Heffelman v. Otsego Water-power Co.

78 Mich. 121 | Mich. | 1889

Lead Opinion

Campbell, J.

Plaintiff sued defendant for overflowing his land. It appeared that in 1866, in consequence of a dispute concerning flowage, an arbitration was had which resulted in an agreement whereby, in consideration of $75, a 99-years’ privilege was granted defendant to raise the water, according to the following terms:

The arbitrators have caused a survey to be made, and marks to be made by the county surveyor, which said marks are to designate the height to which the said water-power company, or their successors and representatives, are to raise the dam across the Kalamazoo river, and which marks are as follows: The first mark is at a point 30 and ll-lff inches above the height of the dam, and on the south side of the buttonwood tree 6 inches in diameter, 17 rods and 12 links south, and 14 links west, of the £ post on the north line of section 23, in said township and range. The second mark, 26-i inches above the dam, on a buttonwood stub 5 inches in diameter, south, 28 degrees west, from the first mark, and between the river and race. The third mark is on a level with the top of the dam or slash-boards, on an elm tree about 12 inches in diameter, and stands south, 50 degrees 10 minutes west, from the first mark, and between the race and river, — all as made and designated by Ira Chichester, county surveyor, September 3, 1866; and for a more particular description thereof reference is had to said record by said surveyor in his office, and in the register’s office of the county.”

The buttonwood tree is the only land-mark left. The only contention of any consequence is whether the mark on that tree is the mark of the water-level agreed upon, or 30 and 11-16 inches above it. Defendant claims the deed cannot be explained aliunde, and that the true mark is at the stipulated water-level, and not above it.

The Chichester survey is lost, but secondary evidence was let in, which seems to us to comply with all the legal rules for its admission. That survey very distinctly *123indicates, and the finding establishes, that the witness marks on the buttonwood tree, and stump were meant to be above the water-line to the extent named, and the elm-tree mark to be on, a level with it.

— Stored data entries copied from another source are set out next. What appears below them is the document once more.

Lemma mem_of_proper_limit g x0 : is_affine_map g -> U x0 -> U (g x0) ->
  (forall eps, eps > 0 -> exists l, L l /\ distAff g l < eps) -> L g.
Proof.
move=> gA Ux0 Ugx0 g_adh.
have [lk lk_spec] : exists lk : nat -> Vec n -> Vec n,
    forall k, L (lk k) /\ distAff g (lk k) < / (INR k + 1).
  apply: (choice (fun k l => L l /\ distAff g l < / (INR k + 1))) => k.
  by apply: g_adh; apply: Rinv_0_lt_compat; have := pos_INR k; lra.
have lk_cvg C eps : 0 <= C -> 0 < eps ->
    exists N, forall k, (N <= k)%N -> C * distAff g (lk k) < eps.
  move=> C_ge0 eps_gt0; have [N HN] := inv_succ_scaled_lt C_ge0 eps_gt0.
  exists N => k Nk; apply: Rle_lt_trans (HN k Nk).
  by apply: Rmult_le_compat_l => //; apply: Rlt_le; case: (lk_spec k).
pose p k := if k is k'.+1 then lk k' x0 else x0.
pose K y := y = g x0 \/ exists k, y = p k.
have K_compact : compact_for (@distV n) K.
  apply: compact_cvg_seq => eps eps_gt0.
  have c_ge0 : 0 <= 1 + 2 * INR n * distV x0 (@vzero n).
    by have := pos_INR n; have := distV_ge0 x0 (@vzero n); nra.
  have [N HN] := lk_cvg _ _ c_ge0 eps_gt0.
  exists N.+1 => [[|k]] // Nk; apply: Rle_lt_trans (HN k Nk).
  by rewrite Rmult_comm; apply: affine_distV_le => //; apply: L_affine; case: (lk_spec k).
have KU y : K y -> U y.
  by move=> [->|[[|k] ->]] //; apply: L_preserves => //; case: (lk_spec k).
have lk_returns k : L (lk k) /\ exists x, K x /\ K (lk k x).
  by split; [case: (lk_spec k) | exists x0; split; right; [exists 0%N | exists k.+1]].
have /(compact_closed (@distAff_refl n) (@distAff_sym n) (@distAff_triangle n)
      (L_proper KU K_compact)) [s [[Ls _] sg0]] :
    forall eps, 0 < eps -> exists l, (L l /\ exists x, K x /\ K (l x)) /\ distAff l g < eps.
  move=> eps eps_gt0; have [N HN] := lk_cvg 1 eps Rle_0_1 eps_gt0.
  exists (lk N); split; first exact: lk_returns.
  by rewrite distAff_sym; have := HN N (leqnn N); lra.
by rewrite -(affine_distAff_eq0 (L_affine Ls) gA sg0).
Qed.

Lemma exists_point_mapped_into g u : Aff g -> open_for (@distV n) U -> U u ->
  (forall eps, eps > 0 -> exists l, L l /\ distAff g l < eps) ->
  exists x0, U x0 /\ U (g x0).
Proof.
move=> [gA [g' gK g'K]] U_open Uu g_adh.
have g'A := affine_inv gA gK g'K.
have [r [r_gt0 ball_u]] := U_open u Uu.
pose lam := lip_const g'.
pose c := 1 + 2 * INR n * distV u (@vzero n).
have lam_ge0 : 0 <= lam := lip_const_ge0 g'.
have c_ge1 : 1 <= c by have := pos_INR n; have := distV_ge0 u (@vzero n); rewrite /c; nra.
have [l [Ll gl]] : exists l, L l /\ distAff g l < r / ((lam + 1) * c).
  by apply: g_adh; apply: Rdiv_lt_0_compat => //; nra.
exists (g' (l u)); rewrite g'K; split; last exact: L_preserves.
apply: ball_u; rewrite -{1}(gK u); apply: Rle_lt_trans (affine_lip g'A _ _) _.
have gul : distV (g u) (l u) < r / (lam + 1).
  apply: Rle_lt_trans (affine_distV_le gA (L_affine Ll) u) _; rewrite -/c.
  have -> : r / (lam + 1) = r / ((lam + 1) * c) * c by field; lra.
  by apply: Rmult_lt_compat_r => //; lra.
apply: Rle_lt_trans (Rmult_le_compat_l _ _ _ lam_ge0 (Rlt_le _ _ gul)) _.
have -> : lam * (r / (lam + 1)) = r - r / (lam + 1) by field; lra.
have : 0 < r / (lam + 1) by apply: Rdiv_lt_0_compat; lra.
lra.
Qed.

Lemma closed_of_proper u : open_for (@distV n) U -> U u -> closed_in_Aff L.
Proof.
move=> U_open Uu g gAff g_adh.
have [x0 [Ux0 Ugx0]] := exists_point_mapped_into gAff U_open Uu g_adh.
exact: mem_of_proper_limit gAff.1 Ux0 Ugx0 g_adh.
Qed.

End ProperToClosed.

Section Parametrization.
Variables (n : nat) (L : (Vec n -> Vec n) -> Prop).
Hypothesis L_affine : forall l, L l -> is_affine_map l.
Variables (x0 : Vec n) (rho : R) (h : 'I_n -> Vec n -> Vec n).
Hypothesis rho_gt0 : 0 < rho.
Hypothesis h_central : forall j, centralizer L (h j).
Hypothesis h_x0 : forall j i, h j x0 i = x0 i + rho * ebasis j i.

Definition param (z : Vec n) : Vec n -> Vec n :=
  fun u i => z i + \big[Rplus/0]_(j < n) ((u j - x0 j) * (h j z i - z i) / rho).

Lemma param_of_mem l : L l -> l = param (l x0).
Proof.
move=> Ll; have lA := L_affine Ll.
apply: functional_extensionality => u; apply: functional_extensionality => i.
have colE j : aff_col l j i = (h j (l x0) i - l x0 i) / rho.
  rewrite (proj2 (h_central j) l Ll x0) (affine_sub lA).
  rewrite (eq_bigr (fun k => aff_col l k i * rho * ebasis j k)) => [|k _].
    by rewrite bigRplus_ebasis; field; lra.
  by rewrite h_x0; ring.
have -> : l u i = l x0 i + (l u i - l x0 i) by ring.
rewrite (affine_sub lA); congr (_ + _); apply: eq_bigr => j _.
by rewrite colE; field; lra.
Qed.

Lemma param_affine z : is_affine_map (param z).
Proof.
exists (fun i j => (h j z i - z i) / rho),
  (fun i => z i - \big[Rplus/0]_(j < n) (x0 j * (h j z i - z i) / rho)) => u i.
rewrite /param (_ : \big[Rplus/0]_(j < n) _ =
  \big[Rplus/0]_(j < n) ((h j z i - z i) / rho * u j) -
  \big[Rplus/0]_(j < n) (x0 j * (h j z i - z i) / rho)); first ring.
by rewrite bigRplus_sub; apply: eq_bigr => j _; field; lra.
Qed.

Definition hlip := \big[Rmax/0]_(j < n) lip_const (h j).

Lemma hlip_ge0 : 0 <= hlip.
Proof. exact: bigRmax_ge0. Qed.

Lemma h_lip j x y : distV (h j x) (h j y) <= hlip * distV x y.
Proof.
apply: Rle_trans (affine_lip (proj1 (proj1 (h_central j))) x y) _.
apply: Rmult_le_compat_r; first exact: distV_ge0.
exact: (le_bigRmax (fun j => lip_const (h j))).
Qed.

Lemma dist_h_le j z : distV (h j z) z <= (hlip + 1) * distV z x0 + rho.
Proof.
have hx0 : distV (h j x0) x0 <= rho.
  apply: distV_le => [|i]; first lra.
  rewrite h_x0 (_ : forall a b, a + b - a = b) => [|a b]; last ring.
  rewrite Rabs_mult Rabs_pos_eq; last lra.
  by rewrite /ebasis; case: (i == j); rewrite ?Rabs_R1 ?Rabs_R0; lra.
apply: Rle_trans (distV_triangle _ (h j x0) _) _.
apply: Rle_trans (Rplus_le_compat_l _ _ _ (distV_triangle _ x0 _)) _.
by have := h_lip j z x0; rewrite (distV_sym x0 z); lra.
Qed.

Definition orbit_lip D := INR n * (((hlip + 1) * D + rho) / rho).

Lemma orbit_lip_le D D' : 0 <= D -> D <= D' -> orbit_lip D <= orbit_lip D'.
Proof.
move=> D_ge0 DD'; apply: Rmult_le_compat_l; first exact: pos_INR.
apply: Rmult_le_compat_r; first by apply: Rlt_le; apply: Rinv_0_lt_compat.
by have := hlip_ge0; nra.
Qed.

Lemma orbit_lip_ge0 D : 0 <= D -> 0 <= orbit_lip D.
Proof.
move=> D_ge0; apply: Rmult_le_pos (pos_INR _) (Rdiv_ge0 _ rho_gt0).
by have := hlip_ge0; nra.
Qed.

Lemma param_lip z u v :
  distV (param z u) (param z v) <= orbit_lip (distV z x0) * distV u v.
Proof.
have D_ge0 := distV_ge0 z x0; have := hlip_ge0 => hlip_ge0.
apply: distV_le => [|i].
  apply: Rmult_le_pos (distV_ge0 _ _); apply: Rmult_le_pos (pos_INR _) _.
  by apply: Rdiv_ge0 => //; nra.
rewrite /param (_ : forall c a b, c + a - (c + b) = a - b) => [|c a b]; last ring.
rewrite bigRplus_sub; apply: Rle_trans (Rabs_bigRplus _) _.
rewrite /orbit_lip Rmult_assoc; apply: bigRplus_le_const => j.
rewrite (_ : forall a b c e, (a - e) * c / rho - (b - e) * c / rho = (a - b) * c / rho)
  => [|a b c e]; last by field; lra.
apply: Rle_trans (Rabs_mul_div_le rho_gt0 (distV_ge u v j) _) _.
  exact: Rle_trans (distV_ge _ _ i) (dist_h_le j z).
by apply: Req_le; field; lra.
Qed.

As this survey is referred to in the deed for greater certainty, it legally formed a part of it, and both should be construed together

But we see no ambiguity in the deed. No two of the tree marks are on the same level. If the buttonwood-tree mark should govern, the water would cover the stump mark, and rise two feet and a half above the elm mark. And if the buttonwood-tree mark should stand as the level, it would be surrounded by water up to that height, and not visible unless at lower water. It is certain that water could not at the same time be" at two different levels on the different sides of the stream, and no one would place land-marks where they could be of no possible practical use.

The deed could not be made worse by the introduction of testimony conforming to it, and defendant, even if the secondary evidence was incomplete, could not complain of an immaterial error.

The, judgment below conformed to the agreement, and must be affirmed, with costs.

Sherwood, O. J., Champlin and Morse, JJ., concurred. Long, J., did not sit.





Rehearing

In this case a rehearing was granted at the January term, 1890, and the following opinion was filed, February 30, 1890:

Campbell, J.

A rehearing of this case was allowed to defendant upon a claim that some matters in the record had been misapprehended. On a re-argument, we have found no reason to change the views expressed *124in our former opinion, that defendants were not entitled to raise the water up to the marks on the buttonwood tree and stub mentioned in their grant or lease of the right of power, but, on the contrary, that the marks referred to in the lease were established as points or levels from which to measure downward, the number of inches specified, to the point or line beyond which the water could not be raised.

The judgment below will therefore stand affirmed, with costs of both hearings in this Court.

Champlin, C. J., Morse and Grant, JJ., concurred. Long, J., did not sit.